In these lessons, we will learn
- the asymptotes of secant, cosecant and cotangent
- the cotangent graph
- transformation of the cotangent graph
- the secant and cosecant graphs
- transformation of the secant and cosecant graphs
Asymptotes of Secant, Cosecant, and Cotangent
To find the x-intercepts and asymptotes of secant, cosecant, and cotangent, rewrite them in terms of sine and cosine. Notice that since secant and cosecant have 1 in the numerator and a trig function in the denominator, they can never equal zero; they do not have x-intercepts. The vertical asymptotes of the three functions are whenever the denominators are zero.
Cotangent is the reciprocal trig function of tangent function and can be defined as cot θ = cos θ /sin θ. It is an odd function, meaning cot(− θ) = − cot(θ), and it has the property that cot(θ + π) = cot(θ). Because sine is the denominator, and the function is undefined when sin(θ) = 0, the cotangent graph has vertical asymptotes at all integer multiples of π, when sin(θ) = 0.
In this video, we determine the graph of cotangent and determine the key properties of the cotangent graph. Illustrates the graph of the cotangent function using the cotangent segment. Explains how to graph cotangent using reciprocal values of the tangent function.
How to graph the tangent and cotangent graph
Transforming the Cotangent Graph
Graphing Tangent and Cotangent over Different Periods
Graph y = Atan(Bx) and y = Acot(Bx)
This video provides an example of graphing the cotangent function with a different period and a vertical stretch.
y = 2cot(x/4)
Secant and Cosecant Graphs
This video explains how you can use cosine function and the reciprocal identity to graph the secant function.

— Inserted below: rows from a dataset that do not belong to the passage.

(* Let $G$ be a connected Cartesian-prime graph with at least two vertices, and put $n=|V(G)|$, $m=|E(G)|$. Let $$r=\max\{\,|\beta|_e\cdot n+|\beta|\cdot m \;:\; \beta\in\mathrm{Aut}(G)\setminus\{\mathrm{id}\}\,\},$$ with $r=0$ if $\mathrm{Aut}(G)$ is trivial. Then $$\theta'(G\,\square\, G)=\max\{\,n\cdot m,\ r\,\}+1.$$
   Context: All graphs are finite and simple. $\square$ denotes the Cartesian product. A graph is (Cartesian) prime if it is not isomorphic to a Cartesian product of two graphs each with at least two vertices. For an automorphism $\beta$ (acting on edges by $\beta(uv)=\beta(u)\beta(v)$), $|\beta|$ is the number of cycles (including fixed points) of $\beta$ on $V(G)$, and $|\beta|_e$ is the number of cycles of $\beta$ on $E(G)$. An edge coloring with $k$ colors is a surjective map onto $\{1,\dots,k\}$. It is distinguishing if only the identity automorphism preserves all edge colors. $\theta'(H)$ is the least $k$ such that every edge coloring of $H$ using exactly $k$ colors is distinguishing. *)

From mathcomp Require Import all_boot all_order all_fingroup.
Set Implicit Arguments. Unset Strict Implicit. Unset Printing Implicit Defensive.

Section Graphs.
Variable T : finType.

Definition simple_graph (e : rel T) := symmetric e /\ irreflexive e.

Definition connected_graph (e : rel T) := forall x y : T, connect e x y.

Definition edges (e : rel T) : {set {set T}} :=
  [set [set x; y] | x in [set: T], y in [set y | e x y]].

Definition is_aut (e : rel T) (s : {perm T}) : bool :=
  [forall x, forall y, e (s x) (s y) == e x y].

(* |beta|: number of cycles (incl. fixed points) on V *)
Definition vcycles (s : {perm T}) : nat := #|porbits s|.

(* |beta|_e: number of cycles of beta acting on E by beta(uv) = beta(u)beta(v) *)
Definition ecycles (e : rel T) (s : {perm T}) : nat :=
  #|[set [set Y in edges e | fconnect (fun A : {set T} => s @: A) X Y]
      | X in edges e]|.

(* edge colouring with exactly k colours (colours 'I_k, i.e. {0..k-1}),
   values of c on non-edges are irrelevant *)
Definition edge_coloring (e : rel T) k (c : {set T} -> 'I_k) :=
  forall i : 'I_k, exists2 X, X \in edges e & c X = i.

Definition distinguishing (e : rel T) k (c : {set T} -> 'I_k) :=
  forall s : {perm T}, is_aut e s ->
    (forall X, X \in edges e -> c (s @: X) = c X) -> s = 1%g.

Definition all_colorings_dist (e : rel T) k :=
  forall c : {set T} -> 'I_k, edge_coloring e c -> distinguishing e c.

Definition theta'_is (e : rel T) (k : nat) :=
  [/\ 0 < k, all_colorings_dist e k &
      forall j, 0 < j < k -> ~ all_colorings_dist e j].
End Graphs.

Definition cart_prod (A B : finType) (eA : rel A) (eB : rel B) : rel (A * B) :=
  fun u v => (eA u.1 v.1 && (u.2 == v.2)) || ((u.1 == v.1) && eB u.2 v.2).

Definition cart_prime (T : finType) (e : rel T) :=
  ~ exists (A B : finType) (eA : rel A) (eB : rel B) (f : T -> A * B),
      [/\ simple_graph eA, simple_graph eB, 1 < #|A|, 1 < #|B| &
          bijective f /\ forall x y, e x y = cart_prod eA eB (f x) (f y)].

Definition r_param (T : finType) (e : rel T) : nat :=
  \max_(s : {perm T} | is_aut e s && (s != 1%g))
     (ecycles e s * #|T| + vcycles s * #|edges e|).

From mathcomp Require Import all_boot all_order all_fingroup.
Set Implicit Arguments. Unset Strict Implicit. Unset Printing Implicit Defensive.

(* An automorphism of [G [] G] maps every [G]-layer into a [G]-layer: in the
   image of a layer, horizontal and vertical steps commute, so an image meeting
   several rows and several columns would exhibit [G] as a nontrivial Cartesian
   product.  Hence, [G] being connected and prime, every automorphism is
   [(x, y) |-> (al x, be y)] or [(x, y) |-> (be y, al x)].  For the first kind
   with [al != 1], every edge orbit contains a horizontal edge built from an
   [al]-orbit of edges and a vertex, or a vertical edge built from an
   [al]-orbit of vertices and an edge; this bounds the number of edge orbits by
   [|al|_e n + |al| m], with equality when [be = 1].  For the second kind every
   edge orbit contains a vertical edge, giving at most [n m] orbits, with
   equality for the plain swap.  So [max (n m, r)] is the largest number of
   edge orbits of a nontrivial automorphism of [G [] G], and [theta'] exceeds it
   by one: a nontrivial automorphism preserving a colouring forces at most as
   many colours as orbits, while colouring the orbits of a maximizing
   automorphism gives non-distinguishing colourings with any smaller number of
   colours. *)

Local Notation setmap s := (fun A : {set _} => s @: A).

Section Automorphisms.
Variables (U : finType) (r : rel U).
Implicit Types (s t : {perm U}) (A B X : {set U}).

Lemma is_autP s : reflect (forall x y, r (s x) (s y) = r x y) (is_aut r s).
Proof.
apply: (iffP forallP) => [s_aut x y | s_aut x]; last first.
  by apply/forallP => y; rewrite s_aut.
by move: (s_aut x) => /forallP/(_ y)/eqP.
Qed.

Lemma autE s x y : is_aut r s -> r (s x) (s y) = r x y.
Proof. by move/is_autP. Qed.

Lemma is_aut1 : is_aut r 1%g.
Proof. by apply/is_autP => x y; rewrite !perm1. Qed.

Lemma is_autM s t : is_aut r s -> is_aut r t -> is_aut r (s * t)%g.
Proof. by move=> s_aut t_aut; apply/is_autP => x y; rewrite !permM !autE. Qed.

Lemma is_autV s : is_aut r s -> is_aut r s^-1%g.
Proof. by move=> s_aut; apply/is_autP => x y; rewrite -(autE _ _ s_aut) !permKV. Qed.

Lemma is_autX s k : is_aut r s -> is_aut r (s ^+ k)%g.
Proof.
by move=> s_aut; elim: k => [|k IH]; rewrite ?expg0 ?is_aut1 // expgSr is_autM.
Qed.

Lemma edgesP X : reflect (exists x y, r x y /\ X = [set x; y]) (X \in edges r).
Proof.
apply: (iffP imset2P) => [[x y _ + ->]|[x [y [rxy ->]]]].
  by rewrite inE; exists x, y.
by exists x y; rewrite ?inE.
Qed.

Lemma imset_set2 (V : finType) (f : U -> V) x y : f @: [set x; y] = [set f x; f y].
Proof. by rewrite imsetU1 imset_set1. Qed.

Lemma aut_imset_edge s : is_aut r s -> {homo setmap s : X / X \in edges r}.
Proof.
move=> s_aut X /edgesP[x [y [rxy ->]]]; apply/edgesP; exists (s x), (s y).
by rewrite autE // imset_set2.
Qed.

Lemma aut_imset_edges s : is_aut r s -> setmap s @: edges r = edges r.
Proof.
move=> s_aut; apply/eqP; rewrite eqEcard card_imset ?leqnn ?andbT.
  by apply/subsetP => _ /imsetP[X XE ->]; apply: aut_imset_edge.
exact/imset_inj/perm_inj.
Qed.

Lemma imset_permKV s A : s @: (s^-1%g @: A) = A.
Proof. by rewrite -imset_comp -[RHS]imset_id; apply: eq_imset => x /=; rewrite permKV. Qed.

Lemma iter_setmap s k A : iter k (setmap s) A = (s ^+ k)%g @: A.
Proof.
elim: k => [|k IH] /=; first by rewrite expg0 imset_perm1.
by rewrite IH -imset_comp expgSr; apply: eq_imset => x; rewrite permM.
Qed.

Lemma fconnect_setmapP s A B :
  reflect (exists k, B = (s ^+ k)%g @: A) (fconnect (setmap s) A B).
Proof.
apply: (iffP idP) => [/iter_findex <- | [k ->]]; last first.
  by rewrite -iter_setmap fconnect_iter.
by exists (findex (setmap s) A B); rewrite iter_setmap.
Qed.

Lemma fconnect_permP s x y : reflect (exists k, y = (s ^+ k)%g x) (fconnect s x y).
Proof.
apply: (iffP idP) => [/iter_findex <- | [k ->]]; last by rewrite permX fconnect_iter.
by exists (findex s x y); rewrite permX.
Qed.

End Automorphisms.

Section OrbitCounting.
Variables (V : finType) (f : V -> V) (S : {set V}).

Definition orbit_in x := [set y in S | fconnect f x y].
Definition norbits := #|[set orbit_in x | x in S]|.
Definition orbit_reps := [set x in S | froots f x].

Lemma orbit_reps_sub : orbit_reps \subset S.
Proof. by apply/subsetP => x; rewrite inE => /andP[]. Qed.

Lemma mem_orbit_in x : x \in S -> x \in orbit_in x.
Proof. by move=> xS; rewrite inE xS connect0. Qed.

Hypothesis f_inj : injective f.
Hypothesis f_S : {homo f : x / x \in S}.

Let f_sym : connect_sym (frel f) := fconnect_sym f_inj.

Lemma orbit_in_eq x y : fconnect f x y -> orbit_in x = orbit_in y.
Proof.
move=> xy; apply/setP => z; rewrite !inE; case: (z \in S) => //=.
apply/idP/idP => [xz | yz]; last exact: connect_trans xy yz.
by apply: (connect_trans _ xz); rewrite f_sym.
Qed.

Lemma fconnect_closed x y : fconnect f x y -> x \in S -> y \in S.
Proof. by move=> /iter_findex <-; elim: (findex f x y) => //= k IH /IH/f_S. Qed.

Lemma orbit_repsP x : x \in S -> exists2 r, r \in orbit_reps & fconnect f r x.
Proof.
move=> xS; exists (froot f x); last by rewrite f_sym connect_root.
by rewrite inE (roots_root f_sym) (fconnect_closed (connect_root _ x)).
Qed.

Lemma orbit_reps_uniq : {in orbit_reps &, forall r r', fconnect f r r' -> r = r'}.
Proof.
move=> r r'; rewrite !inE => /andP[_ /eqP Er] /andP[_ /eqP Er'] /(rootP f_sym).
by rewrite Er Er'.
Qed.

Lemma norbits_le (D : {set V}) :
  (forall x, x \in S -> exists2 d, d \in D & fconnect f d x) -> norbits <= #|D|.
Proof.
move=> D_cover; apply: leq_trans (leq_imset_card orbit_in D).
apply: subset_leq_card; apply/subsetP => _ /imsetP[x xS ->].
have [d dD dx] := D_cover x xS.
by apply/imsetP; exists d; rewrite // (orbit_in_eq dx).
Qed.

This video explains how you can use the sine function and the reciprocal identity to graph the cosecant function.
How to graph Cosecant and Secant using Sine and Cosine.
Determine the domain and range of the two functions. Determine the period of the two functions.
Transforming the Secant and Cosecant Graphs
To graph secant and cosecant, find values of the reciprocal functions and plot them on the coordinate plane. Unlike the graphs of sine and cosine, secant and cosecant have vertical asymptotes whenever the cosine and sine equal zero, respectively. Graphing transformations is made easier by substituting theta for the quantity in parenthesis and solving for x. Also, notice that neither graph has x-intercepts.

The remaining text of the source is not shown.